[Note de l'auteure] Coucou les gens :) Je suis contente de vous retrouver pour ce deuxième chapitre ! Alors, on va beaucoup, beaucoup voir April ici, et j'ai bien conscience qu'elle va avoir l'air d'une petite peste. C'est normal, elle va changer par la suite, donc ne vous laissez pas déboussoler ! La April de 2012 m'a traumatisée avec son attitude trop parfaite (c'est vrai quoi, elle a aucun défaut, c'est un genre de deus ex maechina et c'est quasiment son seul rôle dans l'intrigue... En plus d'être un love interest complètement nul!)
Bref, sur ceux je vous laisse, n'oubliez pas de laisser un petit mot si vous en avez envie:)
Équateur
- Playlist -
Sir Sly - High
Aaron Smith – Dancin (KRONO remix)
The Weeknd - The Hills
Une main pâle émergea d'entre les draps pour atteindre le téléphone portable posé sur la table de nuit. 6 heures du matin l'heure de se lever pour April.

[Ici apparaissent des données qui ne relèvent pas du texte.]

(* Let $p$ be an odd prime and $M$ the sub-add move matrix, with $t$, $k$, $i$ as in the context. (a) If $t$ is even, then $\Gamma_{M,\,p}$ has no secondary cycles. (b) If $t\equiv1\pmod 4$ and $(1+i)^t=i$, then all secondary cycles have length $t$. (c) If $t\equiv3\pmod4$ and $(1+i)^t=i$, then all secondary cycles have length $2t$. (d) If $t\equiv1\pmod4$ and $(1+i)^t=-i$, then all secondary cycles have length $2t$. (e) If $t\equiv3\pmod4$ and $(1+i)^t=-i$, then all secondary cycles have length $t$.
   Context: The sub-add move matrix is $M=\begin{pmatrix}1&-1\\1&1\end{pmatrix}$. $\Gamma_{M,\,p}$ is the directed graph with vertex set $\mathbb Z_p^2$ and arcs $((a,b),(a-b,a+b))$ (mod $p$; loops allowed). A directed cycle is a cycle in the underlying undirected graph such that in the induced directed subgraph every vertex has in- and out-degree $1$; a loop is a directed $1$-cycle. Let $t$ be the multiplicative order of $-4$ in $GF(p)$ and $k=4t$ (the $\mathbb Z_p$-order of $M$). Let $i\in GF(p^2)$ with $i^2=-1$, chosen so that ${\rm ord}(1-i)\le{\rm ord}(1+i)$ (multiplicative orders). A primary cycle is a directed cycle of length $k$; a secondary cycle is a directed cycle that is neither primary nor a $1$-cycle. *)

From HB Require Import structures.
From mathcomp Require Import all_boot all_order all_algebra all_fingroup all_field.
Set Implicit Arguments. Unset Strict Implicit. Unset Printing Implicit Defensive.
Import GRing.Theory.
Local Open Scope ring_scope.

(* Multiplicative order of an element of a finite field (the group order of
   x in the unit group {unit F}; meaningful for x <> 0). *)
Definition mulord (F : finFieldType) (x : F) : nat :=
  #[insubd (1 : {unit F}) x]%g.

Definition subadd (p : nat) (v : 'F_p * 'F_p) : 'F_p * 'F_p :=
  (v.1 - v.2, v.1 + v.2).

(* A directed cycle of Gamma_{M,p}: a nonempty duplicate-free list
   [x_0; ...; x_{n-1}] with arcs x_j -> x_{j+1} and x_{n-1} -> x_0.
   Its length is the size of the list (a loop has length 1). *)
Definition dcycle (p : nat) (c : seq ('F_p * 'F_p)) : bool :=
  [&& c != [::], uniq c & fcycle (@subadd p) c].

Definition tord (p : nat) : nat := mulord (-4 : 'F_p).

(* secondary cycle: neither primary (length k = 4t) nor a 1-cycle *)
Arguments dcycle : clear implicits.
Definition secondary (p : nat) (c : seq ('F_p * 'F_p)) : bool :=
  [&& dcycle p c, size c != 1%N & size c != (4 * tord p)%N].

Arguments secondary : clear implicits.

From HB Require Import structures.
From mathcomp Require Import all_boot all_order all_algebra all_fingroup all_field.
From mathcomp Require Import ring.
Set Implicit Arguments. Unset Strict Implicit. Unset Printing Implicit Defensive.
Import GRing.Theory.
Local Open Scope ring_scope.

(* Over GF(p^2) the matrix M is diagonalised by (a, b) |-> (a + b i, a - b i),
   with eigenvalues 1 + i and 1 - i.  Hence the orbit of v under the sub-add
   move has length ord(1 + i), ord(1 - i), their lcm, or 1, according to which
   eigen-coordinates of v vanish.  Since (1 +- i)^4 = -4 has order t, both
   orders lie in {t, 2t, 4t}; the hypotheses on t and (1 + i)^t force
   ord(1 + i) = 4t (or both orders to be 4t when t is even), so a secondary
   cycle lives on the (1 - i)-eigenline, and (1 - i)^t = (-i)^t (1 + i)^t = +-1
   decides between t and 2t. *)

Lemma same_multiples_eqn (m n : nat) :
  (forall k, (m %| k) = (n %| k))%N -> m = n.
Proof. by move=> mn; apply/eqP; rewrite eqn_dvd mn dvdnn -mn dvdnn. Qed.

Lemma order_dvdn_iter (T : finType) (f : T -> T) (x : T) (k : nat) :
  injective f -> (fingraph.order f x %| k)%N = (iter k f x == x).
Proof.
move=> injf; have n_gt0 := fingraph.order_gt0 f x.
have iter_mul q : iter (q * fingraph.order f x) f x = x.
  by elim: q => [|q IHq] //; rewrite mulSn iterD IHq iter_order.
rewrite {2}(divn_eq k (fingraph.order f x)) addnC iterD iter_mul /dvdn.
apply/eqP/eqP => [-> //|fix_x].
by rewrite -(findex_iter (ltn_pmod k n_gt0)) fix_x findex0.
Qed.

Lemma size_cycle_dvdn (T : finType) (f : T -> T) (x : T) (s : seq T) (k : nat) :
  injective f -> uniq (x :: s) -> fcycle f (x :: s) ->
  (size (x :: s) %| k)%N = (iter k f x == x).
Proof.
move=> injf uniq_xs cycle_xs.
by rewrite -(order_cycle cycle_xs uniq_xs (mem_head x s)) order_dvdn_iter.
Qed.

Lemma mulord0 (F : finFieldType) : mulord (0 : F) = 1%N.
Proof. by rewrite /mulord /insubd insubN ?unitr0 //= order1. Qed.

Section MultiplicativeOrder.
Variable F : finFieldType.
Implicit Types x u : F.

Lemma mulord_dvdn x k : x != 0 -> (mulord x %| k)%N = (x ^+ k == 1).
Proof.
move=> x_neq0; rewrite /mulord cyclic.order_dvdn.
have ux : val (insubd (1%g : {unit F}) x) = x by rewrite insubdK // unitfE.
apply/eqP/eqP => [xk|xk]; first by rewrite -ux -FinRing.val_unitX xk.
by apply: val_inj; rewrite FinRing.val_unitX ux xk.
Qed.

Lemma mulord_gt0 x : (0 < mulord x)%N.
Proof. exact: order_gt0. Qed.

Lemma expr_mulord x : x != 0 -> x ^+ mulord x = 1.
Proof. by move=> x_neq0; apply/eqP; rewrite -mulord_dvdn. Qed.

Lemma mulr_fixed x u k :
  x != 0 -> (x ^+ k * u == u) = (u == 0) || (mulord x %| k)%N.
Proof.
move=> x_neq0; rewrite mulord_dvdn // -subr_eq0 -{2}[u]mul1r -mulrBl.
by rewrite mulf_eq0 subr_eq0 orbC.
Qed.

End MultiplicativeOrder.

Lemma mulord_fmorph (F K : finFieldType) (f : {rmorphism F -> K}) x :
  mulord (f x) = mulord x.
Proof.
have [->|x_neq0] := eqVneq x 0; first by rewrite rmorph0 !mulord0.
apply: same_multiples_eqn => k.
by rewrite !mulord_dvdn ?fmorph_eq0 // -rmorphXn fmorph_eq1.
Qed.

Section FourthPower.
Variables (F : finFieldType) (x : F).
Hypothesis x_neq0 : x != 0.
Let t := mulord (x ^+ 4).
Let t_gt0 : (0 < t)%N. Proof. exact: mulord_gt0. Qed.

Lemma dvdn_mulord_X4 : (t %| mulord x)%N.
Proof.
by rewrite mulord_dvdn ?expf_neq0 // -exprM mulnC exprM expr_mulord ?expr1n.
Qed.

Lemma mulord_dvdn_X4 : (mulord x %| 4 * t)%N.
Proof. by rewrite mulord_dvdn // exprM expr_mulord ?expf_neq0. Qed.

Lemma mulord_X4_cases :
  [\/ mulord x = t, mulord x = (2 * t)%N | mulord x = (4 * t)%N].
Proof.
have := mulord_dvdn_X4; have /dvdnP[q ->] := dvdn_mulord_X4.
rewrite dvdn_pmul2r // dvdn_divisors //.
by rewrite !inE => /or3P[] /eqP->; rewrite ?mul1n; constructor.
Qed.

Lemma mulord_X4_eq1 : x ^+ t = 1 -> mulord x = t.
Proof.
by move=> xt; apply/eqP; rewrite eqn_dvd dvdn_mulord_X4 mulord_dvdn // xt eqxx.
Qed.

Lemma mulord_X4_eq2 : x ^+ t != 1 -> x ^+ (2 * t) = 1 -> mulord x = (2 * t)%N.
Proof.
move=> xt x2t; have ndvd_t : ~~ (mulord x %| t)%N by rewrite mulord_dvdn.
have dvd_2t : (mulord x %| 2 * t)%N by rewrite mulord_dvdn // x2t.
by case: mulord_X4_cases ndvd_t dvd_2t => -> //; rewrite ?dvdnn // dvdn_pmul2r.
Qed.

Lemma mulord_X4_eq4 : x ^+ (2 * t) != 1 -> mulord x = (4 * t)%N.
Proof.
move=> x2t; have ndvd_2t : ~~ (mulord x %| 2 * t)%N by rewrite mulord_dvdn.
by case: mulord_X4_cases ndvd_2t => -> //; rewrite ?dvdnn // dvdn_mull.
Qed.

Lemma mulord_X4_even : ~~ odd t -> mulord x = (4 * t)%N.
Proof.
move=> t_even; apply: mulord_X4_eq4.
have /dvdnP[h t_eq] : (2 %| t)%N by rewrite dvdn2.
have h_gt0 : (0 < h)%N by move: t_gt0; rewrite t_eq muln_gt0 => /andP[].
have -> : (2 * t = 4 * h)%N by rewrite t_eq mulnCA mulnC.
rewrite exprM -mulord_dvdn ?expf_neq0 // -/t gtnNdvd // t_eq.
by rewrite -{1}[h]muln1 ltn_pmul2l.
Qed.

End FourthPower.

Section FpEmbedding.
Variables (p : nat) (F : fieldType) (chF : p \in [pchar F]).

Definition Fp_embed (a : 'F_p) : F := (a%:A : pPrimeCharType chF).

HB.instance Definition _ :=
  GRing.RMorphism.copy Fp_embed (in_alg (pPrimeCharType chF)).

End FpEmbedding.

Section SubAddEigenbasis.
Variables (p : nat) (F : finFieldType) (i : F).
Hypotheses (odd_p : odd p) (chF : p \in [pchar F]) (i2 : i ^+ 2 = -1).
Local Notation phi := (Fp_embed chF).
Local Notation t := (tord p).

Let two_neq0 : (2 : F) != 0.
Proof.
rewrite -(dvdn_pcharf chF) dvdn_prime2 ?(pcharf_prime chF) //.
by apply: contraL odd_p => /eqP->.
Qed.

Let m1_neq1 : (-1 : F) != 1.
Proof. by rewrite -subr_eq0 -opprD oppr_eq0 -mulr2n. Qed.

Let i_neq0 : i != 0.
Proof.
have : i ^+ 2 != 0 by rewrite i2 oppr_eq0 oner_eq0.
by rewrite expf_eq0.
Qed.

Let one_pm_i_neq0 : (1 + i != 0) && (1 - i != 0).
Proof.
have : (1 + i) * (1 - i) != 0 by rewrite (_ : _ * _ = 2) //; ring: i2.
by rewrite mulf_eq0 negb_or.
Qed.

Let one_pi_neq0 : 1 + i != 0. Proof. by case/andP: one_pm_i_neq0. Qed.
Let one_mi_neq0 : 1 - i != 0. Proof. by case/andP: one_pm_i_neq0. Qed.

Definition eigen_coords (v : 'F_p * 'F_p) : F * F :=
  (phi v.1 + phi v.2 * i, phi v.1 - phi v.2 * i).

Lemma eigen_coords_subadd v :
  eigen_coords (subadd v) =
  ((1 + i) * (eigen_coords v).1, (1 - i) * (eigen_coords v).2).
Proof. by rewrite /eigen_coords /= rmorphB rmorphD; congr pair; ring: i2. Qed.

Lemma eigen_coords_iter k v :
  eigen_coords (iter k (@subadd p) v) =
  ((1 + i) ^+ k * (eigen_coords v).1, (1 - i) ^+ k * (eigen_coords v).2).
Proof.
elim: k => [|k IHk]; first by rewrite !expr0 !mul1r -surjective_pairing.
by rewrite iterS eigen_coords_subadd IHk !exprS !mulrA.
Qed.

Lemma eigen_coords_inj : injective eigen_coords.
Proof.
move=> [a b] [c d] [/= e1 e2].
have ea : phi a = phi c.
  apply: (mulfI two_neq0).
  transitivity ((phi a + phi b * i) + (phi a - phi b * i)); first by ring.
  by rewrite e1 e2; ring.
have eb : phi b = phi d.
  apply: (mulfI (mulf_neq0 two_neq0 i_neq0)).
  transitivity ((phi a + phi b * i) - (phi a - phi b * i)); first by ring.
  by rewrite e1 e2; ring.
by rewrite (fmorph_inj _ ea) (fmorph_inj _ eb).
Qed.

Lemma subadd_inj : injective (@subadd p).
Proof.
move=> v w /(congr1 eigen_coords); rewrite !eigen_coords_subadd => e.
apply: eigen_coords_inj; move: e.
case: (eigen_coords v) (eigen_coords w) => [u1 u2] [w1 w2] /= [].
by move=> /(mulfI one_pi_neq0)-> /(mulfI one_mi_neq0)->.
Qed.

Lemma dcycle_size_dvdn c : dcycle p c ->
  exists u : F * F, forall k, (size c %| k)%N =
    ((u.1 == 0) || (mulord (1 + i)%R %| k)%N) &&
    ((u.2 == 0) || (mulord (1 - i)%R %| k)%N).
Proof.
case: c => [|v s] /and3P[//= _ uniq_c cycle_c].
exists (eigen_coords v) => k.
rewrite (size_cycle_dvdn _ subadd_inj uniq_c cycle_c) -(inj_eq eigen_coords_inj).
by rewrite eigen_coords_iter -!mulr_fixed.
Qed.

Lemma mulord_one_pm_i_X4 :
  mulord ((1 + i) ^+ 4) = t /\ mulord ((1 - i) ^+ 4) = t.
Proof.
have -> : (1 + i) ^+ 4 = -4 by ring: i2.
have -> : (1 - i) ^+ 4 = -4 by ring: i2.
by rewrite /tord -(mulord_fmorph phi) rmorphN rmorph_nat.
Qed.

Lemma secondary_size c :
  mulord (1 + i) = (4 * t)%N -> secondary p c -> size c = mulord (1 - i).
Proof.
move=> ord_1pi /and3P[/dcycle_size_dvdn[u size_dvdn] size_neq1 size_neq4t].
have ord_1mi_dvdn : (mulord (1 - i)%R %| 4 * t)%N.
  by case: mulord_one_pm_i_X4 => _ <-; exact: mulord_dvdn_X4.
have size_dvdn_4t : (size c %| 4 * t)%N.
  by rewrite size_dvdn ord_1mi_dvdn -ord_1pi dvdnn !orbT.
have u1_eq0 : u.1 == 0.
  apply: contraNT size_neq4t => u1_neq0; rewrite eqn_dvd size_dvdn_4t.
  have := size_dvdn (size c); rewrite dvdnn (negbTE u1_neq0) ord_1pi orFb.
  by case/esym/andP=> ->.
have u2_neq0 : u.2 != 0.
  by apply: contra size_neq1 => u2_eq0; rewrite -dvdn1 size_dvdn u1_eq0 u2_eq0.
by apply: same_multiples_eqn => k; rewrite size_dvdn u1_eq0 (negbTE u2_neq0).
Qed.

Lemma no_secondary_even c : ~~ odd t -> ~~ secondary p c.
Proof.
case: mulord_one_pm_i_X4 => ord_1pi_X4 ord_1mi_X4 t_even.
have ord_1pi : mulord (1 + i) = (4 * t)%N.
  by rewrite -ord_1pi_X4 mulord_X4_even ?ord_1pi_X4.
have ord_1mi : mulord (1 - i) = (4 * t)%N.
  by rewrite -ord_1mi_X4 mulord_X4_even ?ord_1mi_X4.
apply/negP => sec_c; move: (sec_c) => /and3P[_ _].
by rewrite (secondary_size ord_1pi sec_c) ord_1mi eqxx.
Qed.

Lemma expr_one_mi k : (1 - i) ^+ k = (-i) ^+ (k %% 4) * (1 + i) ^+ k.
Proof.
have -> : 1 - i = - i * (1 + i) by ring: i2.
rewrite exprMn {1}(divn_eq k 4) exprD mulnC exprM.
have -> : (- i) ^+ 4 = 1 by ring: i2.
by rewrite expr1n mul1r.
Qed.

Lemma mulord_one_pi_eq4 :
  (1 + i) ^+ t = i \/ (1 + i) ^+ t = - i -> mulord (1 + i) = (4 * t)%N.
Proof.
case: mulord_one_pm_i_X4 => ord_1pi_X4 _ one_pi_t.
rewrite -ord_1pi_X4 mulord_X4_eq4 // ord_1pi_X4 mulnC exprM.
by case: one_pi_t => ->; rewrite ?sqrrN i2 m1_neq1.
Qed.

Lemma secondary_size_eq_t c :
  (1 + i) ^+ t = i \/ (1 + i) ^+ t = - i -> (1 - i) ^+ t = 1 ->
  secondary p c -> size c = t.
Proof.
move=> /mulord_one_pi_eq4 ord_1pi one_mi_t /(secondary_size ord_1pi)->.
case: mulord_one_pm_i_X4 => _ ord_1mi_X4.
by rewrite -ord_1mi_X4 mulord_X4_eq1 // ord_1mi_X4.
Qed.

Lemma secondary_size_eq_2t c :
  (1 + i) ^+ t = i \/ (1 + i) ^+ t = - i -> (1 - i) ^+ t = -1 ->
  secondary p c -> size c = (2 * t)%N.
Proof.
move=> /mulord_one_pi_eq4 ord_1pi one_mi_t /(secondary_size ord_1pi)->.
case: mulord_one_pm_i_X4 => _ ord_1mi_X4.
rewrite -ord_1mi_X4 mulord_X4_eq2 // ord_1mi_X4 ?one_mi_t // mulnC exprM.
by rewrite one_mi_t sqrrN expr1n.
Qed.

End SubAddEigenbasis.

Theorem theorem7p2 (p : nat) (pr_p : prime p) (odd_p : odd p)
  (F : finFieldType) (cardF : #|F| = (p ^ 2)%N) (i : F)
  (i2 : i ^+ 2 = -1) (iord : (mulord (1 - i)%R <= mulord (1 + i)%R)%N) :
  let t := tord p in
  [/\ (~~ odd t -> forall c, ~~ secondary p c),
      (t %% 4 = 1)%N -> (1 + i) ^+ t = i ->
        forall c, secondary p c -> size c = t,
      (t %% 4 = 3)%N -> (1 + i) ^+ t = i ->
        forall c, secondary p c -> size c = (2 * t)%N,
      (t %% 4 = 1)%N -> (1 + i) ^+ t = - i ->
        forall c, secondary p c -> size c = (2 * t)%N
    & (t %% 4 = 3)%N -> (1 + i) ^+ t = - i ->
        forall c, secondary p c -> size c = t].
Proof.
(* [iord] only normalises the choice of i; the argument works for both roots. *)
move=> t; have chF := card_finPcharP cardF pr_p.
have size_eq_t := secondary_size_eq_t odd_p chF i2.
have size_eq_2t := secondary_size_eq_2t odd_p chF i2.
have one_mi_t := expr_one_mi i2 t.
split.
- by move=> t_even c; exact: (no_secondary_even odd_p chF i2).
- move=> t_mod4 one_pi_t c; apply: size_eq_t; first by left.
  by rewrite one_mi_t t_mod4 one_pi_t; ring: i2.
- move=> t_mod4 one_pi_t c; apply: size_eq_2t; first by left.
  by rewrite one_mi_t t_mod4 one_pi_t; ring: i2.
- move=> t_mod4 one_pi_t c; apply: size_eq_2t; first by right.
  by rewrite one_mi_t t_mod4 one_pi_t; ring: i2.
- move=> t_mod4 one_pi_t c; apply: size_eq_t; first by right.
  by rewrite one_mi_t t_mod4 one_pi_t; ring: i2.
Qed.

Elle se leva péniblement, les yeux lourd et la mine irritée. Son téléphone jouait en guise de réveil le dernier tube de Noah Cyrus, mais ça ne l'aidait pas spécialement à se réveiller. April n'était pas du matin. Elle bailla bruyamment en constatant dans son miroir que sa touffe de longs cheveux roux lui donnait des airs d'Anna, dans la Reine des neiges (oui, parce que ses références cinématographiques s'arrêtaient aux classique Disney).
« Ugh, » gémit-elle pour elle-même, « motive toi, April ! »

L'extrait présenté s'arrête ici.